Author: Flaim aka Darkfalconheart
Story: You can run with us. (14/?).
Rating: for this chapter: 13 , may be higher in later chapters
Warnings: some violence
Status: WIP
Spoilers: Up to ‘The lost tribe’.
Wordcount: ca. 3700
Disclaimer: I do not own the characters, names or other various parts of the SG/SGA universe and all rights are with their respective owners. This is a work of non-profit fanfiction, and no copyright infringement is intended.
Chapter 14: Shreds of the past
I shall be telling this with a sigh
Somewhere ages and ages hence:
Two roads diverged in a wood, and I--
I took the one less traveled by,
And that has made all the difference.
(Robert Frost: The road not taken)
The cell was dark, a shadowed place between organic walls. To John this place caused an odd kind of déjà vu. That kind you really didn’t wish to see again. In a place such as this his journey as runner had begun, more than a year ago? How long ago exactly John wasn’t sure about, not any more – sometimes it seemed a whole lifetime ago.

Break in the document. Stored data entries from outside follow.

Lemma subset_closure {n} (A : VSet n) x : A x -> closure A x.
Proof.
  intros Ax. apply closure_l1. intros eps He. exists x; split; auto.
  replace (vsub x x) with (vscal 0 x) by vec_field.
  rewrite l1norm_scal, Rabs_R0. lra.
Qed.

Lemma closure_mono {n} (A B : VSet n) :
  (forall x, A x -> B x) -> forall x, closure A x -> closure B x.
Proof. intros H x Hx eps He. destruct (Hx eps He) as [y [Ay Hy]]. exists y; auto. Qed.

Lemma closure_closed {n} (A : VSet n) : is_closed (closure A).
Proof.
  intros x Hx. apply closure_l1. intros eps He.
  rewrite closure_l1 in Hx. destruct (Hx (eps / 2)) as [y [Ay Hy]]; [lra|].
  rewrite closure_l1 in Ay. destruct (Ay (eps / 2)) as [z [Az Hz]]; [lra|].
  exists z; split; auto. pose proof (l1norm_sub_triangle n x y z). lra.
Qed.

Lemma closure_minimal {n} (A B : VSet n) :
  is_closed B -> (forall x, A x -> B x) -> forall x, closure A x -> B x.
Proof. intros HB H x Hx. apply HB. eapply closure_mono; eauto. Qed.

Lemma closure_convex {n} (A : VSet n) : is_convex A -> is_convex (closure A).
Proof.
  intros HA x y t Hx Hy Ht. apply closure_l1. intros eps He.
  rewrite closure_l1 in Hx, Hy.
  destruct (Hx (eps / 2)) as [a [Aa Ha]]; [lra|].
  destruct (Hy (eps / 2)) as [b [Ab Hb]]; [lra|].
  exists (vadd (vscal t a) (vscal (1 - t) b)). split; [apply HA; auto|].
  replace (vsub (vadd (vscal t x) (vscal (1 - t) y)) (vadd (vscal t a) (vscal (1 - t) b)))
    with (vadd (vscal t (vsub x a)) (vscal (1 - t) (vsub y b))) by vec_field.
  pose proof (l1norm_add n (vscal t (vsub x a)) (vscal (1 - t) (vsub y b))) as Hadd.
  rewrite !l1norm_scal, (Rabs_right t), (Rabs_right (1 - t)) in Hadd by lra.
  nra.
Qed.

Lemma closure_cone {n} (A : VSet n) : is_cone A -> is_cone (closure A).
Proof.
  intros [H0 HA]. split; [apply subset_closure; auto|].
  intros x a Hx Ha. destruct (Req_dec a 0) as [->|Ha0].
  - apply subset_closure. replace (vscal 0 x) with (@vzero n) by vec_field. auto.
  - apply closure_l1. rewrite closure_l1 in Hx. intros eps He.
    destruct (Hx (eps / a)) as [y [Ay Hy]]; [apply Rdiv_lt_0_compat; lra|].
    exists (vscal a y). split; [apply HA; auto|].
    replace (vsub (vscal a x) (vscal a y)) with (vscal a (vsub x y)) by vec_field.
    rewrite l1norm_scal, Rabs_right by lra.
    apply Rmult_lt_compat_l with (r := a) in Hy; [|lra].
    replace (a * (eps / a)) with eps in Hy by (field; lra). lra.
Qed.

(** * Closed convex cones and their tangent cones *)

Lemma ccc_add {n} (C : VSet n) u v :
  is_closed_convex_cone C -> C u -> C v -> C (vadd u v).
Proof.
  intros [_ [Hconv [_ Hscal]]] Hu Hv.
  replace (vadd u v) with (vscal 2 (vadd (vscal (1/2) u) (vscal (1 - 1/2) v))) by vec_field.
  apply Hscal; [apply Hconv; auto|]; lra.
Qed.

Lemma ccc_set_eq {n} (A B : VSet n) :
  set_eq A B -> is_closed_convex_cone A -> is_closed_convex_cone B.
Proof.
  intros E [Hcl [Hconv [H0 Hscal]]]. repeat split.
  - intros x Hx. apply E, Hcl. eapply closure_mono; [|exact Hx]. intros; apply E; auto.
  - intros x y t Hx Hy Ht. apply E, Hconv; try apply E; auto.
  - apply E; auto.
  - intros x a Hx Ha. apply E, Hscal; auto; apply E; auto.
Qed.

Definition feasible_dir {n} (C : VSet n) x : VSet n :=
  fun d => exists eps, 0 < eps /\ C (vadd x (vscal eps d)).

Lemma feasible_step_shrink {n} (C : VSet n) x d e e' :
  is_convex C -> C x -> C (vadd x (vscal e d)) -> 0 < e' <= e -> C (vadd x (vscal e' d)).
Proof.
  intros Hconv Cx Cd He'.
  replace (vadd x (vscal e' d)) with (vadd (vscal (e' / e) (vadd x (vscal e d))) (vscal (1 - e' / e) x))
    by vec_field.
  apply Hconv; auto. split.
  - apply Rlt_le, Rdiv_lt_0_compat; lra.
  - apply Rmult_le_reg_r with e; [lra|]. unfold Rdiv. rewrite Rmult_assoc, Rinv_l; lra.
Qed.

Lemma feasible_dir_convex {n} (C : VSet n) x :
  is_convex C -> C x -> is_convex (feasible_dir C x).
Proof.
  intros Hconv Cx d1 d2 t [e1 [He1 H1]] [e2 [He2 H2]] Ht.
  pose proof (Rmin_l e1 e2); pose proof (Rmin_r e1 e2).
  assert (He : 0 < Rmin e1 e2) by (apply Rmin_pos; auto).
  exists (Rmin e1 e2); split; auto.
  replace (vadd x (vscal (Rmin e1 e2) (vadd (vscal t d1) (vscal (1 - t) d2))))
    with (vadd (vscal t (vadd x (vscal (Rmin e1 e2) d1)))
               (vscal (1 - t) (vadd x (vscal (Rmin e1 e2) d2)))) by vec_field.
  apply Hconv; auto; eapply feasible_step_shrink; eauto.
Qed.

Lemma feasible_dir_cone {n} (C : VSet n) x : C x -> is_cone (feasible_dir C x).
Proof.
  intros Cx. split.
  - exists 1; split; [lra|]. replace (vadd x (vscal 1 vzero)) with x by vec_field. auto.
  - intros d a [e [He Hd]] Ha. destruct (Req_dec a 0) as [->|Ha0].
    + exists 1; split; [lra|]. replace (vadd x (vscal 1 (vscal 0 d))) with x by vec_field. auto.
    + exists (e / a); split; [apply Rdiv_lt_0_compat; lra|].
      replace (vadd x (vscal (e / a) (vscal a d))) with (vadd x (vscal e d)) by vec_field. auto.
Qed.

“You okay?” Ronon’s voice betrayed a slight worry. John had known without looking around, that his friend was there, the steady presence had been there without him consciously checking. Now he turned around. Ronon sat on the ground, only a few feet away from him, somewhere in the dark was someone else lying unmoving.
“Jircanor?” John asked in low tones. The figure lying in the far corner of their cell was too small to be the tall Runner. Perhaps their friend had been brought to another cell onboard this ship.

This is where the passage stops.